Доктор обернулся ко мне, словно не услышав.
— Глафира Андреевна, простите за эту сцену. Давайте я помогу вам с дровами.
Савелий скрипнул зубами, поняв, что ничего не добьется. Направился к дому, размахивая руками так, будто с каждым шагом разрубал воображаемого противника.
— Не стоит, Иван Михайлович, — улыбнулась я. — Вам еще этого потерпевшего лечить.
— Удивлен, что у вас наконец нашлась смелость постоять за себя.
— То есть вы все знали и не вмешивались? — возмутилась я.

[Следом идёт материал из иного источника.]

(* With [P] a right inverse of [Binf], [B x *m P] tends to 1, and Cramer's rule
   writes [z x] in the basis [B x] with coefficients continuous in the data. *)
Lemma mx_cvg_submx {k d} (B : T -> 'M[R]_(k, d)) Binf (z : T -> 'rV[R]_d) zinf :
  row_free Binf -> mx_cvg B Binf -> mx_cvg z zinf ->
  (\forall x \near F, (z x <= B x)%MS) -> (zinf <= Binf)%MS.
Proof.
move=> /row_freeP[P BP1] BB zz zB.
pose D x := B x *m P.
have DD : mx_cvg D 1%:M by rewrite -BP1; exact: mx_cvg_mul BB (mx_cvg_cst P).
have cramer : \forall x \near F, \det (D x) *: z x = z x *m P *m \adj (D x) *m B x.
  apply: filterS zB => x /submxP[c ->].
  rewrite /D -!mulmxA (mulmxA (B x)) (mulmxA (B x *m P)) mul_mx_adj.
  by rewrite mul_scalar_mx -scalemxAr.
have lhs : mx_cvg (fun x => \det (D x) *: z x) zinf.
  by rewrite -[zinf]scale1r -(det1 R k); exact: mx_cvgZ (cvg_det DD) zz.
have rhs : mx_cvg (fun x => z x *m P *m \adj (D x) *m B x) (zinf *m P *m \adj 1%:M *m Binf).
  apply: mx_cvg_mul BB; apply: mx_cvg_mul (mx_cvg_adj DD).
  exact: mx_cvg_mul zz (mx_cvg_cst P).
rewrite (mx_cvg_unique lhs (mx_cvg_near_eq cramer rhs)) adj1 mulmx1.
exact: submxMl.
Qed.

End EntrywiseConvergence.

Arguments mx_cvg {R T} F {m n} f L.

Section LieBracket.
Variables (R : realType) (d : nat) (br : 'rV[R]_d -> 'rV[R]_d -> 'rV[R]_d).
Hypothesis br_lie : is_lie_bracket br.
Local Notation V := 'rV[R]_d.

Definition ad (x : V) : {linear V -> V} :=
  HB.pack (br x) (GRing.isLinear.Build _ _ _ _ (br x) (let: And4 _ h _ _ := br_lie in h x)).
Definition rad (y : V) : {linear V -> V} :=
  HB.pack (br^~ y) (GRing.isLinear.Build _ _ _ _ (br^~ y) (let: And4 h _ _ _ := br_lie in h y)).

Lemma brDl y u v : br (u + v) y = br u y + br v y.
Proof. exact: (linearD (rad y)). Qed.
Lemma brDr x u v : br x (u + v) = br x u + br x v.
Proof. exact: (linearD (ad x)). Qed.
Lemma brZl y a u : br (a *: u) y = a *: br u y.
Proof. exact: (linearZZ (rad y)). Qed.
Lemma brZr x a u : br x (a *: u) = a *: br x u.
Proof. exact: (linearZZ (ad x)). Qed.
Lemma br_suml y I r (P : pred I) (F : I -> V) :
  br (\sum_(i <- r | P i) F i) y = \sum_(i <- r | P i) br (F i) y.
Proof. exact: (linear_sum (rad y)). Qed.
Lemma br_sumr x I r (P : pred I) (F : I -> V) :
  br x (\sum_(i <- r | P i) F i) = \sum_(i <- r | P i) br x (F i).
Proof. exact: (linear_sum (ad x)). Qed.

Lemma brC x y : br x y = - br y x.
Proof.
have [_ _ br_alt _] := br_lie.
apply/eqP; rewrite -addr_eq0; apply/eqP.
by have := br_alt (x + y); rewrite brDl !brDr !br_alt add0r addr0.
Qed.

Lemma br_jacobi x y z : br (br x y) z = br x (br y z) + br y (br z x).
Proof.
have [_ _ _ jacobi] := br_lie.
by apply/eqP; rewrite (brC (br x y)) eq_sym -subr_eq0 opprK jacobi.
Qed.

Lemma br_expand u v :
  br u v = \sum_(i < d) \sum_(k < d) (u 0 i * v 0 k) *: br (delta_mx 0 i) (delta_mx 0 k).
Proof.
rewrite {1}(row_sum_delta u) br_suml; apply: eq_bigr => i _.
rewrite brZl {1}(row_sum_delta v) br_sumr scaler_sumr; apply: eq_bigr => k _.
by rewrite brZr scalerA.
Qed.

Lemma mx_cvg_br (T : Type) (F : set_system T) {PF : ProperFilter F}
    (xt yt : T -> V) x y :
  mx_cvg F xt x -> mx_cvg F yt y -> mx_cvg F (fun t => br (xt t) (yt t)) (br x y).
Proof.
move=> xx yy; under [X in mx_cvg _ X]funext do rewrite br_expand.
rewrite br_expand; apply: mx_cvg_sum => i _ _; apply: mx_cvg_sum => k _ _.
by apply: mx_cvgZ (mx_cvg_cst _); exact: cvgM (xx 0 i) (yy 0 k).
Qed.

Lemma br_sub_brsp A x a : (a <= A)%MS -> (br x a <= brsp br A)%MS.
Proof.
case/submxP=> w ->; rewrite mulmx_sum_row (row_sum_delta x) br_suml.
apply: summx_sub => i _; rewrite brZl br_sumr scalemx_sub // summx_sub // => j _.
by rewrite brZr scalemx_sub // (sumsmx_sup i) // (sumsmx_sup j) // genmxE.
Qed.

Lemma brspS A B : (A <= B)%MS -> (brsp br A <= brsp br B)%MS.
Proof.
move=> sAB; apply/sumsmx_subP => i _; apply/sumsmx_subP => j _.
by rewrite genmxE br_sub_brsp // (submx_trans (row_sub j A)).
Qed.

Lemma brl_brsp_sub A b m (C : 'M[R]_(m, d)) a :
  (forall i j, br (br (delta_mx 0 i) (row j A)) b <= C)%MS ->
  (a <= brsp br A)%MS -> (br a b <= C)%MS.
Proof.
move=> sC sa; rewrite -[br a b](mul_rV_lin1 (rad b)).
apply: submx_trans (submxMr _ sa) _; rewrite /brsp sumsmxMr_gen.
apply/sumsmx_subP => i _; rewrite genmxE sumsmxMr_gen.
apply/sumsmx_subP => j _; rewrite genmxE (eqmxMr _ (genmxE _)).
by rewrite mul_rV_lin1; exact: sC.
Qed.

Lemma lcs_auxS_sub k : (lcs_aux br k.+1 <= lcs_aux br k)%MS.
Proof. by elim: k => [|k IHk]; [exact: submx1 | exact: brspS]. Qed.

Lemma lcs_aux_antitone k n : (k <= n)%N -> (lcs_aux br n <= lcs_aux br k)%MS.
Proof.
move=> /subnKC <-; elim: (n - k)%N => [|j IHj]; first by rewrite addn0.
by rewrite addnS (submx_trans (lcs_auxS_sub _)).
Qed.

Lemma lcs_aux_stationary k n :
  (lcs_aux br k <= lcs_aux br k.+1)%MS -> (lcs_aux br k <= lcs_aux br (k + n))%MS.
Proof.
move=> sk; suff step j : (lcs_aux br (k + j) <= lcs_aux br (k + j).+1)%MS.
  by elim: n => [|n IHn]; rewrite ?addn0 // addnS (submx_trans IHn).
by elim: j => [|j IHj]; rewrite ?addn0 // addnS; exact: brspS.
Qed.

Lemma br_lcs_aux i j a b : (a <= lcs_aux br i)%MS -> (b <= lcs_aux br j)%MS ->
  (br a b <= lcs_aux br (i + j).+1)%MS.
Proof.
elim: i j a b => [|i IHi] j a b sa sb; first exact: br_sub_brsp.
apply: brl_brsp_sub sa => k l; rewrite br_jacobi addmx_sub //.
  by rewrite addSn br_sub_brsp // IHi // row_sub.
by rewrite addSn -addnS IHi ?row_sub // brC eqmx_opp br_sub_brsp.
Qed.

Lemma br_lcs p q a b : (0 < p)%N -> (0 < q)%N ->
  (a <= lcs br p)%MS -> (b <= lcs br q)%MS -> (br a b <= lcs br (p + q))%MS.
Proof.
case: p => // p; case: q => // q _ _ sa sb.
by rewrite /lcs addSn /= addnS; exact: br_lcs_aux.
Qed.

Hypothesis br_nil : nilpotent_bracket br.

Lemma lcs_aux_rank k : lcs_aux br k != 0 -> (\rank (lcs_aux br k) + k <= d)%N.
Proof.
elim: k => [|k IHk] nz; first by rewrite addn0 mxrank1.
have nzk : lcs_aux br k != 0.
  by apply: contraNneq nz => Ck0; rewrite -submx0 -Ck0 lcs_auxS_sub.
rewrite addnS; apply: leq_trans (IHk nzk); rewrite ltn_add2r.
rewrite (ltn_leqif (mxrank_leqif_sup (lcs_auxS_sub k))).
apply: contra nzk => /lcs_aux_stationary stable; have [s Cs0] := br_nil.
by rewrite -submx0 -Cs0 (submx_trans (stable s)) // lcs_aux_antitone // leq_addl.
Qed.

Lemma lcs_d1 : lcs br d.+1 = 0.
Proof.
rewrite /lcs /=; apply/eqP/contraT => nz; have := lcs_aux_rank _ nz.
by rewrite -[X in (_ <= X)%N]add0n leq_add2r leqn0 mxrank_eq0 (negPf nz).
Qed.

End LieBracket.

Lemma cvg_dilation_coef {R : realType} {p q r : nat} : (p + q <= r)%N ->
  (t ^+ p * t ^+ q * t^-1 ^+ r) @[t --> +oo] --> ((r == p + q)%:R : R).
Proof.
move=> pqr; move: (r - (p + q))%N (subnKC pqr) => k <- {pqr}.
have -> : ((p + q + k == p + q)%:R : R) = 0 ^+ k.
  by rewrite expr0n -[X in _ == X]addn0 eqn_add2l.
have inv_cvg0 : (fun t : R => t^-1) @ +oo --> 0.
  by apply/gtr0_cvgV0; [exact: nbhs_pinfty_gt | exact: cvg_id].
apply: cvg_trans (continuous_cvg _ (@exprn_continuous R k 0) inv_cvg0).
apply: near_eq_cvg; near=> t.
have t_neq0 : t != 0 by rewrite gt_eqF //; near: t; exact: nbhs_pinfty_gt.
by rewrite /= -exprD [t^-1 ^+ _]exprD mulrA -exprMn mulfV // expr1n mul1r.
Unshelve. all: by end_near.
Qed.

Section Grading.
Variables (R : realType) (d : nat) (br : 'rV[R]_d -> 'rV[R]_d -> 'rV[R]_d).
Variable mg : nat -> 'M[R]_d.
Hypotheses (br_lie : is_lie_bracket br) (br_nil : nilpotent_bracket br).
Hypothesis mg_grading : is_grading br mg.
Local Notation pi := (proj_grad mg).

Lemma mg_sub_lcs p : (0 < p)%N -> (mg p <= lcs br p)%MS.
Proof.
by move=> p_gt0; have [/andP[_ sCp] _] := mg_grading _ p_gt0; exact: submx_trans (addsmxSl _ _) sCp.
Qed.

Lemma lcs_grading p : (0 < p)%N -> (p <= d.+1)%N ->
  (lcs br p <= \sum_(p <= s < d.+1) mg s)%MS /\
  \rank (lcs br p) = (\sum_(p <= s < d.+1) \rank (mg s))%N.
Proof.
move=> + /subnKC; move: (d.+1 - p)%N => k; elim: k p => [|k IHk] p p_gt0 Dd.
  by rewrite addn0 in Dd; rewrite Dd lcs_d1 // big_geq // sub0mx mxrank0.
have [Cp dxp] := mg_grading _ p_gt0.
have [|sub rk] := IHk p.+1 isT; first by rewrite addSnnS.
have lt_pd : (p < d.+1)%N by rewrite -Dd -addSnnS leq_addr.
rewrite (big_ltn lt_pd) (big_ltn lt_pd); split.
  by case/andP: Cp => sCp _; exact: submx_trans sCp (addsmxS (submx_refl _) sub).
by rewrite (eqmxP Cp) mxrank_disjoint_sum // rk.
Qed.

— Глафира Андреевна, я не так давно практикую среди местных помещиков, а не в Больших Комарах. Мне известно, что после смерти вашей матушки с вами случилась нервная горячка… — Он хмыкнул чему-то своему. — И мой предшественник, объявив вас недееспособной, обратился к дворянскому собранию. Учитывая ваше несовершеннолетие и состояние здоровья, опекунство передали вашей двоюродной бабушке.
— И всем было…
— Глафира Андреевна. — В его голосе проскользнул холод. — Вы прекрасно понимаете, почему симпатии общества были не на вашей стороне.
5.2
— Нет. Не понимаю.
Доктор вздохнул, тон его изменился, словно он снова разговаривал с Варенькой.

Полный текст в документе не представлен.